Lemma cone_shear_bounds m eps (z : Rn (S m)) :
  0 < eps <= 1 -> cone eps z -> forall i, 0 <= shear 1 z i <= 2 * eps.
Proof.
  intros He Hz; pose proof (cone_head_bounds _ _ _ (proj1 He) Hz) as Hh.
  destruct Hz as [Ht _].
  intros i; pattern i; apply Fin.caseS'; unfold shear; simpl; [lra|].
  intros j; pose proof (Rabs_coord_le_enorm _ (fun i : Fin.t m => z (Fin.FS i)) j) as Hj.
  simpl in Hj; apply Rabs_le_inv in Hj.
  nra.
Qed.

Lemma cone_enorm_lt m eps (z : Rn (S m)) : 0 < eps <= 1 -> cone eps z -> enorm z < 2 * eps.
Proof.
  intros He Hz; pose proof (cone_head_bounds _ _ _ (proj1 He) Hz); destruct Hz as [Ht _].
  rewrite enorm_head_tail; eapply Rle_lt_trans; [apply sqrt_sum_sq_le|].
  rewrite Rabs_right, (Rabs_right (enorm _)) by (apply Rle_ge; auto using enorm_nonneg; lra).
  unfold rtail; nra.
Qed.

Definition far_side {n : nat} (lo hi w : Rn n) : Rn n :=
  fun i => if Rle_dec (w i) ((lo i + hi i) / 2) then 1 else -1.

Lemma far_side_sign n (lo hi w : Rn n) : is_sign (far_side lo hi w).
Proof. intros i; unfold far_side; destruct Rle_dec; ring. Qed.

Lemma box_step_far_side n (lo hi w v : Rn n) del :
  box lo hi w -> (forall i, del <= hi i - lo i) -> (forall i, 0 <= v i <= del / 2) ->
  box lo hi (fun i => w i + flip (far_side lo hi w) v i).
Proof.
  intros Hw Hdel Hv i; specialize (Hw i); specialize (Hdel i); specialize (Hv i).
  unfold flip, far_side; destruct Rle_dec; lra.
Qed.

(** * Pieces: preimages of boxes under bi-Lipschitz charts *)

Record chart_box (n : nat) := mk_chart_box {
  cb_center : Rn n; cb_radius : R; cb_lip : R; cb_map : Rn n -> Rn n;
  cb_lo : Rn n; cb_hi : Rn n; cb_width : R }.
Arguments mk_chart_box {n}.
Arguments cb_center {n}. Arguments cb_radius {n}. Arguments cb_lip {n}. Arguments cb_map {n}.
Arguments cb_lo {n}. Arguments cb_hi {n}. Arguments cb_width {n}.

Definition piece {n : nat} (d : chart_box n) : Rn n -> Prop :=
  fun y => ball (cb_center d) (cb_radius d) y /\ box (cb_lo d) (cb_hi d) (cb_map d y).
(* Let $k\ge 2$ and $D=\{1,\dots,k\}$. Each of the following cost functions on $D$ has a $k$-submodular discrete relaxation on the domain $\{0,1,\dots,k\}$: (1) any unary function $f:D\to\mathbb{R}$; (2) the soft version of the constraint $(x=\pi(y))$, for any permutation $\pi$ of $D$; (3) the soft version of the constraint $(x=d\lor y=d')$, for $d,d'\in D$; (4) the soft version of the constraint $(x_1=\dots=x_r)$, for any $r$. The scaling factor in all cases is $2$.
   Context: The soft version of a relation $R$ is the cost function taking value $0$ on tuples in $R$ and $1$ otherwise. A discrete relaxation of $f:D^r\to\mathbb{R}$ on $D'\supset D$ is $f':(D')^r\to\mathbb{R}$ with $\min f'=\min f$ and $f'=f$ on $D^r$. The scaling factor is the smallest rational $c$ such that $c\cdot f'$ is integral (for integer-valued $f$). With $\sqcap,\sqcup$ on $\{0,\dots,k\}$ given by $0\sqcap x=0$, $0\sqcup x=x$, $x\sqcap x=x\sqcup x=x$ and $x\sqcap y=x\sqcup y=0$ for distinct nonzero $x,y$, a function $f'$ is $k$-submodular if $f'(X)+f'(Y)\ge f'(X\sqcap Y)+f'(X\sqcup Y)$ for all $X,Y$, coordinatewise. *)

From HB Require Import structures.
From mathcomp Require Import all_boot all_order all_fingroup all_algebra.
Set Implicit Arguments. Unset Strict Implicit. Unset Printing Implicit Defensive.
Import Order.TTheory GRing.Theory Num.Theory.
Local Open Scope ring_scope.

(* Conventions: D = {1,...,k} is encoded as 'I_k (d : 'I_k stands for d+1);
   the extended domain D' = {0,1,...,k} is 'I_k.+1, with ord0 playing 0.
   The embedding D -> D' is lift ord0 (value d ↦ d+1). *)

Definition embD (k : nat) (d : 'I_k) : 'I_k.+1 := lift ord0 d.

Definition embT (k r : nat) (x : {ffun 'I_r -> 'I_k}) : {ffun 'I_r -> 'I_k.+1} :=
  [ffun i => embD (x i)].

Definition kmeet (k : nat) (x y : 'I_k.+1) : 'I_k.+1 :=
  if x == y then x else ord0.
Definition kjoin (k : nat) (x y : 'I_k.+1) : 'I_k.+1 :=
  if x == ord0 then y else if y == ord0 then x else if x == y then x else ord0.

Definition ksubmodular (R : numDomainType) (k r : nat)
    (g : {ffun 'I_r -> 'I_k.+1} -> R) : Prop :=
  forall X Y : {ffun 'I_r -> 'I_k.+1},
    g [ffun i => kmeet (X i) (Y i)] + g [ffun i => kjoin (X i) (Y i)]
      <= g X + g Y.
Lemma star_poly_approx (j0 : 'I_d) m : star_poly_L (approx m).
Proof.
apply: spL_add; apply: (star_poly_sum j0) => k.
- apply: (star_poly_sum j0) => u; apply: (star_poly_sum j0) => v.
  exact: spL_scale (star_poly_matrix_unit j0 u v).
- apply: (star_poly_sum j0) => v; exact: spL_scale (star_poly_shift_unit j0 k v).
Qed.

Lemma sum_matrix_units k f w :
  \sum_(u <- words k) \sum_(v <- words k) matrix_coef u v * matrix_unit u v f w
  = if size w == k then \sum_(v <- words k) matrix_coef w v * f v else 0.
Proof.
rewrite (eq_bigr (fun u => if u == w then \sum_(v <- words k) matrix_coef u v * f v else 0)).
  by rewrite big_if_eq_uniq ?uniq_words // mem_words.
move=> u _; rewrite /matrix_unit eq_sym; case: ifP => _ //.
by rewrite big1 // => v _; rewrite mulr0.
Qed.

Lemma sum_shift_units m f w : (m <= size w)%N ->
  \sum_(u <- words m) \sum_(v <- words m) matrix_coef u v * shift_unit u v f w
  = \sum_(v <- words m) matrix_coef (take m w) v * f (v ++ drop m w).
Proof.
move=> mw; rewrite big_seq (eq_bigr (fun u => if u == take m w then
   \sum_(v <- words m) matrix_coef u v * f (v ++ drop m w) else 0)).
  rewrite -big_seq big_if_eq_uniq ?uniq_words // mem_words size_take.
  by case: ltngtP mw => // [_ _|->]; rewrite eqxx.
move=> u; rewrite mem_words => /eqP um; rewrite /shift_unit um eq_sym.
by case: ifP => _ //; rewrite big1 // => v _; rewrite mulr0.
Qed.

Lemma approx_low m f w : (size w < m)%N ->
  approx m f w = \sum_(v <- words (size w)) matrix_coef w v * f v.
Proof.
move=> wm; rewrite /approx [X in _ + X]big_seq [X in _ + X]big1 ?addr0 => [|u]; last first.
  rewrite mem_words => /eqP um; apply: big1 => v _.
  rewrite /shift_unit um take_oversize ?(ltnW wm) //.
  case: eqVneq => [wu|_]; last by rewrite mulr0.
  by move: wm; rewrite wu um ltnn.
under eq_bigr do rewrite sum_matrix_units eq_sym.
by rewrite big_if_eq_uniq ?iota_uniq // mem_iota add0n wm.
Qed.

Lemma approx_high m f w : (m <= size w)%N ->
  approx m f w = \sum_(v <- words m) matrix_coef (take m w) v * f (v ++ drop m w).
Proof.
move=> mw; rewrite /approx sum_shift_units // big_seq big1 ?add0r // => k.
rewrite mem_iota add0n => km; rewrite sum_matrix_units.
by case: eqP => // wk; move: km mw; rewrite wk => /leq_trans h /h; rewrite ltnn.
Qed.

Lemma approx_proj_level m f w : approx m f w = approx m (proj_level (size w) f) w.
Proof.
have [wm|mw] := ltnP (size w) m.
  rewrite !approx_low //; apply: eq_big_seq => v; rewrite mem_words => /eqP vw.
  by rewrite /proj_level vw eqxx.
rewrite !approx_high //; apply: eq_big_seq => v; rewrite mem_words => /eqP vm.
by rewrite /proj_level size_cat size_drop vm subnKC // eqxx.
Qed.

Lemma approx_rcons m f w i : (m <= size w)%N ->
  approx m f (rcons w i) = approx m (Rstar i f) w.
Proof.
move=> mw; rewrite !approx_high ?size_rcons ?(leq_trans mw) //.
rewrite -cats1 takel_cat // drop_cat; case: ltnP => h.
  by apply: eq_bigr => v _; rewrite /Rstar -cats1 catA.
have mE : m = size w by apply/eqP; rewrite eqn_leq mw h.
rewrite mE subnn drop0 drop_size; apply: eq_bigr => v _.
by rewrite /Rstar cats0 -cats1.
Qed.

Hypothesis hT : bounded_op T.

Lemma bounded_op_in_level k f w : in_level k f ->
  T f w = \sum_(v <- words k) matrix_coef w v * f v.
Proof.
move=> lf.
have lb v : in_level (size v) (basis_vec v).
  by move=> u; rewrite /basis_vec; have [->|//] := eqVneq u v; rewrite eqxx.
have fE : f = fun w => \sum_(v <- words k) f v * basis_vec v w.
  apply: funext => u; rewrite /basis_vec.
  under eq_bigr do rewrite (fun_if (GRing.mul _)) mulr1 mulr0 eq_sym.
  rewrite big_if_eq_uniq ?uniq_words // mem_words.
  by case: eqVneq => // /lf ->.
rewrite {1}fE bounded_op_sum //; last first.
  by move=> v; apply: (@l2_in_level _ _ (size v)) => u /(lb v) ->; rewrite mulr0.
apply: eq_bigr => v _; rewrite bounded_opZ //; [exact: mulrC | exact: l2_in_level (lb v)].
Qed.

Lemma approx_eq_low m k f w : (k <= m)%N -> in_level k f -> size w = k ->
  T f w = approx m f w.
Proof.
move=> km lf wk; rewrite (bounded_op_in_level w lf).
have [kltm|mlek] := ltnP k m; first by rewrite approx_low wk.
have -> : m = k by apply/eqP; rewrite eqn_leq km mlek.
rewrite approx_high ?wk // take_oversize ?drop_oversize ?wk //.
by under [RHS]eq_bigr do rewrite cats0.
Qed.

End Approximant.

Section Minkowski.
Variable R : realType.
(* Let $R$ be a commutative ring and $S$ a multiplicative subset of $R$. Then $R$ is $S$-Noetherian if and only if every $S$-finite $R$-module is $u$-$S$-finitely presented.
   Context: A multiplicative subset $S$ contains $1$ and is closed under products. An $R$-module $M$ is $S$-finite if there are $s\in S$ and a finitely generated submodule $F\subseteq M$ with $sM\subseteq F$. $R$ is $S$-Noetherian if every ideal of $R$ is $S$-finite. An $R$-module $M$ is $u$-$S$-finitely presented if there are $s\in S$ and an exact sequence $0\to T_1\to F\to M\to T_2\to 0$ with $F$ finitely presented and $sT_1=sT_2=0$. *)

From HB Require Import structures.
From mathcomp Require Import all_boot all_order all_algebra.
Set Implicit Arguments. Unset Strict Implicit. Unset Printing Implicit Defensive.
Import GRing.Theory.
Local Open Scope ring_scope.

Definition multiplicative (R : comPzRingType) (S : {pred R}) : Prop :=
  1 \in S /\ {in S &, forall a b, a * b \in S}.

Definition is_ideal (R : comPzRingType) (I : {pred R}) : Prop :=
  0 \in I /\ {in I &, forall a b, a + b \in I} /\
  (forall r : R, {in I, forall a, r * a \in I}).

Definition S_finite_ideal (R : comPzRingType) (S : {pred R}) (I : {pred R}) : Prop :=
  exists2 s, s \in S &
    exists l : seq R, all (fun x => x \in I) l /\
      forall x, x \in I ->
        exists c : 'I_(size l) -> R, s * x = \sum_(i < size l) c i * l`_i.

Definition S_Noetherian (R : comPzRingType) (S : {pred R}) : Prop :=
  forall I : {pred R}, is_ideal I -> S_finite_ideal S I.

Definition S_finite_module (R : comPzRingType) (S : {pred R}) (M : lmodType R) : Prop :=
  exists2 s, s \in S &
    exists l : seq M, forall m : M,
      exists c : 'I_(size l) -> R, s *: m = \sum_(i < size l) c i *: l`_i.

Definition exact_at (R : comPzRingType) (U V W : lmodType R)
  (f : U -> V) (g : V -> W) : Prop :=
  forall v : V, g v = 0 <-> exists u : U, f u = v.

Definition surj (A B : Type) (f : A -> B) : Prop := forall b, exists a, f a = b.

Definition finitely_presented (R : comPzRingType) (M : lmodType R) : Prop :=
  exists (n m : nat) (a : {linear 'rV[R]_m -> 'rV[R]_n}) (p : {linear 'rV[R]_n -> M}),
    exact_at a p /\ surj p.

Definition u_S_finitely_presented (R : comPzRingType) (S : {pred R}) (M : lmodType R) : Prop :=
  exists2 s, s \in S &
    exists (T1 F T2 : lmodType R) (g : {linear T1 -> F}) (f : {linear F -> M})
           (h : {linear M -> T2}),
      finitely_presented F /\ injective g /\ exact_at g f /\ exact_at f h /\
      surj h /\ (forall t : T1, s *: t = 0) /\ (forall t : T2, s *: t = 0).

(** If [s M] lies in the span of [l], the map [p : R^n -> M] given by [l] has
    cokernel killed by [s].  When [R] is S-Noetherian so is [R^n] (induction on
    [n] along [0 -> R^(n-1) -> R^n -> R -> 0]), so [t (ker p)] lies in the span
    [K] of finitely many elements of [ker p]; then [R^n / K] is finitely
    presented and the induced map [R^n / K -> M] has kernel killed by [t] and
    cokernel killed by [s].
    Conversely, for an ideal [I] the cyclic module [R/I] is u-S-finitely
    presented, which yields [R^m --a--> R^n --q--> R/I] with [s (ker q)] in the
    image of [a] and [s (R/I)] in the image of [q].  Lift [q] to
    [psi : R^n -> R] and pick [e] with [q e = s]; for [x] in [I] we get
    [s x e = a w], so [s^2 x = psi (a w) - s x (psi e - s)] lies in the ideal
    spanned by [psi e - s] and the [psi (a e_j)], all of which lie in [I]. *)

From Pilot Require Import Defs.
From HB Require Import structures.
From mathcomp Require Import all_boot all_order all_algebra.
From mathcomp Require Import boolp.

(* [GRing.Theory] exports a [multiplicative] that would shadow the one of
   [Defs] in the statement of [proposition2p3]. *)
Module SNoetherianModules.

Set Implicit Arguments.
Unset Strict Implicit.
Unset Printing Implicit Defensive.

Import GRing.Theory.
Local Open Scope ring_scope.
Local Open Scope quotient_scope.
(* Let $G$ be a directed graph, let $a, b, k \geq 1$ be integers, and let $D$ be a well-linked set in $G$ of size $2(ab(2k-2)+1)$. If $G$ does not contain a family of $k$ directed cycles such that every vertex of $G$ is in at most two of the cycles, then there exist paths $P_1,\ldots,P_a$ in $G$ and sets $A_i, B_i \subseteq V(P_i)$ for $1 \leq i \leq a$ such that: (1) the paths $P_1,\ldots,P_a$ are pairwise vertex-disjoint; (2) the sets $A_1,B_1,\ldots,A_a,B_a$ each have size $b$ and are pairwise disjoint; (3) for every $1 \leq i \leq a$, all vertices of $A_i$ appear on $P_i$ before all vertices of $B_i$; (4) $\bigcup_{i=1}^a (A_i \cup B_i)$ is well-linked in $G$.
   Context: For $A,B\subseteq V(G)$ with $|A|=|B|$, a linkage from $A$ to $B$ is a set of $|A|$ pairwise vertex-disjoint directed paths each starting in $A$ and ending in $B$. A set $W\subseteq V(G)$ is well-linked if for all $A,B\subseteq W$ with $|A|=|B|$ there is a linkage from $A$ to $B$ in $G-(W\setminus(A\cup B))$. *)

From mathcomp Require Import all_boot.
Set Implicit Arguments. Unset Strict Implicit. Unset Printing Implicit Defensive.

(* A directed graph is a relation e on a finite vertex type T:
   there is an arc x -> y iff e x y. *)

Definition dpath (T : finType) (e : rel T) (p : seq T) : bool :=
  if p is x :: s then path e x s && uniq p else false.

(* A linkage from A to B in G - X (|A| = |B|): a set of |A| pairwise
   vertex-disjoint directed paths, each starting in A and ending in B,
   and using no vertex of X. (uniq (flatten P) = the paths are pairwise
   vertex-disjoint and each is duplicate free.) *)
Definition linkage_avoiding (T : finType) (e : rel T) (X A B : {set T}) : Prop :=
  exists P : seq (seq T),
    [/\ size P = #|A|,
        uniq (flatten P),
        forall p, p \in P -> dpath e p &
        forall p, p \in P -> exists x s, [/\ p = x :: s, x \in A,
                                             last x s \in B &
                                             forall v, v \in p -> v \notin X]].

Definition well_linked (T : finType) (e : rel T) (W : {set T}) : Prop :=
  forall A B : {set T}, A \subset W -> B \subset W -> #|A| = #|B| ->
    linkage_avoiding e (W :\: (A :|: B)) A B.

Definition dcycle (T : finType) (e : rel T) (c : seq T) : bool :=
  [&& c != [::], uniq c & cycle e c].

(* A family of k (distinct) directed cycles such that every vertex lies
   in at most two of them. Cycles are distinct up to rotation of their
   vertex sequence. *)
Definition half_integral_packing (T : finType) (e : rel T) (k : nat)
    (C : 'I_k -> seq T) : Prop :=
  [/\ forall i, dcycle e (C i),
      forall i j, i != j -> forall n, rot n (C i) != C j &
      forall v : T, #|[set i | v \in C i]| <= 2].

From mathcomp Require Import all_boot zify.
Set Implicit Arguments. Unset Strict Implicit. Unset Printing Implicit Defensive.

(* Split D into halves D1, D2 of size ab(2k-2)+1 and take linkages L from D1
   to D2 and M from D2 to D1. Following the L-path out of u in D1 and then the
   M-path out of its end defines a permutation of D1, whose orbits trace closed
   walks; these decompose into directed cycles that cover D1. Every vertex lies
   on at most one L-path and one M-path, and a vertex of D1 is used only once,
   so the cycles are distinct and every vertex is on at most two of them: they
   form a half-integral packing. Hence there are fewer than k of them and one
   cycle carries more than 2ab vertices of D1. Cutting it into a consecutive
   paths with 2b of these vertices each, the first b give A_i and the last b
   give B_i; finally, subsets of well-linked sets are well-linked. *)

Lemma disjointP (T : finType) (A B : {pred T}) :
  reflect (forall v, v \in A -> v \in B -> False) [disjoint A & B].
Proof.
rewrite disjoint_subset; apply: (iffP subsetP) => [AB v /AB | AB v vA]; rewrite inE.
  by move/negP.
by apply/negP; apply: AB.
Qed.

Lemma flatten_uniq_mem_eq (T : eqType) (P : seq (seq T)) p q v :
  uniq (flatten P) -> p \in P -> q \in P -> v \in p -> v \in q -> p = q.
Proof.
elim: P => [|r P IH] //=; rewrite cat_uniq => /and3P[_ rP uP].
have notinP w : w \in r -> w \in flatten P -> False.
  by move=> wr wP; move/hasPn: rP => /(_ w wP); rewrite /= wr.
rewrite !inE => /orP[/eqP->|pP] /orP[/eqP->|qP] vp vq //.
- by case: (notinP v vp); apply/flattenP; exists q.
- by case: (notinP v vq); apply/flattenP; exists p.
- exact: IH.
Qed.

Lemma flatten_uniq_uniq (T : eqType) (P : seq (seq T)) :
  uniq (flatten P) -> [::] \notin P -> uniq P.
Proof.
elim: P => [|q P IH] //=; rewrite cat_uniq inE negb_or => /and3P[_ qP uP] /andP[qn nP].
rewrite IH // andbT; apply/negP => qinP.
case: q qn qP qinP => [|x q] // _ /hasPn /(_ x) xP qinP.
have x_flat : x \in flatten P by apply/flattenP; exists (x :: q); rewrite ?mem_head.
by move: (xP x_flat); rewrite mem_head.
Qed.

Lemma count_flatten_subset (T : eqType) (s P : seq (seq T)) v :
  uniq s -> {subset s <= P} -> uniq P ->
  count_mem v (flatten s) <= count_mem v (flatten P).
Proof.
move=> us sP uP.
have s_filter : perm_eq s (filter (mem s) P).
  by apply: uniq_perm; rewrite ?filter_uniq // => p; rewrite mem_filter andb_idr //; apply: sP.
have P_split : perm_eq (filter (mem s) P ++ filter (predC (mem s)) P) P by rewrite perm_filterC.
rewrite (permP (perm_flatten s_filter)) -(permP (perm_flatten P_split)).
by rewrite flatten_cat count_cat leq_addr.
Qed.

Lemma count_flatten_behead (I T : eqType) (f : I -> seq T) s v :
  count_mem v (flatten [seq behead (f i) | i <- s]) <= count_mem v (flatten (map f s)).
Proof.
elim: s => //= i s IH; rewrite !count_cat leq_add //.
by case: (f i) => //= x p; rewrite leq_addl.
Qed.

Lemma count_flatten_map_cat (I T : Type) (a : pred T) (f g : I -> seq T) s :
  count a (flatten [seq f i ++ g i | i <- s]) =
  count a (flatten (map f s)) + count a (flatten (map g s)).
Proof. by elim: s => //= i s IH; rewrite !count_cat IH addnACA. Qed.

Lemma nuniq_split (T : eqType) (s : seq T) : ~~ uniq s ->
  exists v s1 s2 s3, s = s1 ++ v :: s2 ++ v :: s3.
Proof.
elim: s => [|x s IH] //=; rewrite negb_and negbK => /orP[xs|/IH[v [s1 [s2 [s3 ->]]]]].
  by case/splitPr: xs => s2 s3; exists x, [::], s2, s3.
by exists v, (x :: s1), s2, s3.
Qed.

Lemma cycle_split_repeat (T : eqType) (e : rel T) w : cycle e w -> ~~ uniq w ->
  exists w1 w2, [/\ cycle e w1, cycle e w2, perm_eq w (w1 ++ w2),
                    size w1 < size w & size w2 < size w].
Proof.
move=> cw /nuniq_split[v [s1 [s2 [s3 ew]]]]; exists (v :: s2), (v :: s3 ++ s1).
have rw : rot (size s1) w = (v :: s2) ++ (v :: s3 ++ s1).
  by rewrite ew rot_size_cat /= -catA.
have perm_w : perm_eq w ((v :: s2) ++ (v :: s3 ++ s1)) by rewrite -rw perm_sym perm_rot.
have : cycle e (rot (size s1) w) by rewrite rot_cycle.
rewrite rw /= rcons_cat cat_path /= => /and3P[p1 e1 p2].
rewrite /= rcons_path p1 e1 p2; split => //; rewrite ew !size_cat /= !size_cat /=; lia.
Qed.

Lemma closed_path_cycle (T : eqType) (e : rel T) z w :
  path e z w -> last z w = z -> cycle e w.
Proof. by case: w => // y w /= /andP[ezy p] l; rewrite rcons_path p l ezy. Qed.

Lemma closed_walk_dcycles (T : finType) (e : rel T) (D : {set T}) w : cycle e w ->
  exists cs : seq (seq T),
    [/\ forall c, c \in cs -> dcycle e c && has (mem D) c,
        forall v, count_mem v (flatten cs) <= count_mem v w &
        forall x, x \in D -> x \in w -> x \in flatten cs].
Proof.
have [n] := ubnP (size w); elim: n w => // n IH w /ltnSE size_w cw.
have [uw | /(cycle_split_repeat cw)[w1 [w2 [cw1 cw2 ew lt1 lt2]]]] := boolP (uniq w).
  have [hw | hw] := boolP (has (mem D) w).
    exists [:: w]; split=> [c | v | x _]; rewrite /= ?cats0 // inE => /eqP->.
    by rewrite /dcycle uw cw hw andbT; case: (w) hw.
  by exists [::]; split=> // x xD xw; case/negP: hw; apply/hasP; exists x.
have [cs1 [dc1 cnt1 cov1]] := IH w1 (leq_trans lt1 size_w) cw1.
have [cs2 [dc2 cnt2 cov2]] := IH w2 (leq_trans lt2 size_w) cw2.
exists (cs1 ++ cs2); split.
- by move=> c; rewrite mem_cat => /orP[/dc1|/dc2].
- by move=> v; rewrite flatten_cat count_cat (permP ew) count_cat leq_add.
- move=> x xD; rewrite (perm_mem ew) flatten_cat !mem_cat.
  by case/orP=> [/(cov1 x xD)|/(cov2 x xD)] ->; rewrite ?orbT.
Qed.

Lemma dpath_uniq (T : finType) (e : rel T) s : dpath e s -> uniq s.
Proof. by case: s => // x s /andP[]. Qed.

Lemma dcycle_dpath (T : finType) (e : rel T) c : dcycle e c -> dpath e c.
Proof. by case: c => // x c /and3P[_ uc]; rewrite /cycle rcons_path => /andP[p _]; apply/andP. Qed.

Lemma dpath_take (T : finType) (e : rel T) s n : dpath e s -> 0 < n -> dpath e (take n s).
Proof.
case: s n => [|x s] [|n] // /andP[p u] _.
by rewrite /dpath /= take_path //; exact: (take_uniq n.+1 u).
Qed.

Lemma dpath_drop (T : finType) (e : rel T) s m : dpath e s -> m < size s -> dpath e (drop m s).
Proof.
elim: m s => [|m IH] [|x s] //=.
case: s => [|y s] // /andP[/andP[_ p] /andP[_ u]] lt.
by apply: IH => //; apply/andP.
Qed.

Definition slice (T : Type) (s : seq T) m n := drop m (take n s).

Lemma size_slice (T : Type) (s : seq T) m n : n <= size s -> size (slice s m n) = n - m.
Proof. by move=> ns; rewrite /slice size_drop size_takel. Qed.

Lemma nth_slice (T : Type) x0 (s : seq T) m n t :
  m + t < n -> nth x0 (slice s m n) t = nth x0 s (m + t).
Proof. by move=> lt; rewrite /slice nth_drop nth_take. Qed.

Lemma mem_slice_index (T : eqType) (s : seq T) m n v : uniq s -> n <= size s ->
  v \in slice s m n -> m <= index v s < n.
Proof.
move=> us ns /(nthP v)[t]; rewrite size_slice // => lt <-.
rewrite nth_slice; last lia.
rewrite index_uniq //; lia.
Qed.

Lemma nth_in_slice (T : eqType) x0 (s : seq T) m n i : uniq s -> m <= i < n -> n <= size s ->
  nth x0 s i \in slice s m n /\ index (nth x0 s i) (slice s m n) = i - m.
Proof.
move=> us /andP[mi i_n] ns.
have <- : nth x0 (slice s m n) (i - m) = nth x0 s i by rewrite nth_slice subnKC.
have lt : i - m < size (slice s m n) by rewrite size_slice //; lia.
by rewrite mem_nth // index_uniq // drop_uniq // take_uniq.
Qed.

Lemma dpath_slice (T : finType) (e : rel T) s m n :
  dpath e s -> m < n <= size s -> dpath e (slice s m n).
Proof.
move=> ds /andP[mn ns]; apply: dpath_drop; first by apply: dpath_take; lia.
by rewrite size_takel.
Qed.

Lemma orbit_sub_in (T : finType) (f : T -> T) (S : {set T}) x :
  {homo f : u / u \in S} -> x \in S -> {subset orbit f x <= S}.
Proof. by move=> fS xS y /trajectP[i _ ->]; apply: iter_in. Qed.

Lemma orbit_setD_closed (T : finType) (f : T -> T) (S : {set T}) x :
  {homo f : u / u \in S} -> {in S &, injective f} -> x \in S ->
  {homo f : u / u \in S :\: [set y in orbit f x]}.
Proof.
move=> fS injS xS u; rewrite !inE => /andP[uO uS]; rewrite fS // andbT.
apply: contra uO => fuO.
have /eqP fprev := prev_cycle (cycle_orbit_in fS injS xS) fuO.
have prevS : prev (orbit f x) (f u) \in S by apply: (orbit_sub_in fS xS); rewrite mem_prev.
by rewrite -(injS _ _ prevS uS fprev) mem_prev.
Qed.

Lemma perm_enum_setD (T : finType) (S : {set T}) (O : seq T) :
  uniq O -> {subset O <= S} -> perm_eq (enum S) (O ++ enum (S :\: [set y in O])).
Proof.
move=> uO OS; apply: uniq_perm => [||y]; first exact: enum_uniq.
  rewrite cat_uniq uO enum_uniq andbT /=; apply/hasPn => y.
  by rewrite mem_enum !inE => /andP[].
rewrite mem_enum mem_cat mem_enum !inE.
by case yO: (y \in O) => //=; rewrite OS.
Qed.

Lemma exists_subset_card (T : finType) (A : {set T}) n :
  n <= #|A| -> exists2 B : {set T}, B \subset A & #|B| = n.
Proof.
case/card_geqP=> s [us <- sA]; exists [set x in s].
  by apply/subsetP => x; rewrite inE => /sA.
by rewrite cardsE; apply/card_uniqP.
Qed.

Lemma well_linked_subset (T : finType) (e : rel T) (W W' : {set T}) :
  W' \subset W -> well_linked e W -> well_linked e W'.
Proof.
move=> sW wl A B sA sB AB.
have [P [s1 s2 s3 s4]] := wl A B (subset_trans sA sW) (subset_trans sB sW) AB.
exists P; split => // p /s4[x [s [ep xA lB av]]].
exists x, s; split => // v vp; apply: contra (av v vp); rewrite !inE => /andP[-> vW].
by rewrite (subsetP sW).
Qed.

* * *

PROBLEM:
Print again the lines of the entries above that fall between the line holding "have rw : rot" and the line holding "exists [:: w];", inclusive, exactly as they stand.

TASK RESPONSE:
have rw : rot (size s1) w = (v :: s2) ++ (v :: s3 ++ s1).
  by rewrite ew rot_size_cat /= -catA.
have perm_w : perm_eq w ((v :: s2) ++ (v :: s3 ++ s1)) by rewrite -rw perm_sym perm_rot.
have : cycle e (rot (size s1) w) by rewrite rot_cycle.
rewrite rw /= rcons_cat cat_path /= => /and3P[p1 e1 p2].
rewrite /= rcons_path p1 e1 p2; split => //; rewrite ew !size_cat /= !size_cat /=; lia.
Qed.

Lemma closed_path_cycle (T : eqType) (e : rel T) z w :
  path e z w -> last z w = z -> cycle e w.
Proof. by case: w => // y w /= /andP[ezy p] l; rewrite rcons_path p l ezy. Qed.

Lemma closed_walk_dcycles (T : finType) (e : rel T) (D : {set T}) w : cycle e w ->
  exists cs : seq (seq T),
    [/\ forall c, c \in cs -> dcycle e c && has (mem D) c,
        forall v, count_mem v (flatten cs) <= count_mem v w &
        forall x, x \in D -> x \in w -> x \in flatten cs].
Proof.
have [n] := ubnP (size w); elim: n w => // n IH w /ltnSE size_w cw.
have [uw | /(cycle_split_repeat cw)[w1 [w2 [cw1 cw2 ew lt1 lt2]]]] := boolP (uniq w).
  have [hw | hw] := boolP (has (mem D) w).
    exists [:: w]; split=> [c | v | x _]; rewrite /= ?cats0 // inE => /eqP->.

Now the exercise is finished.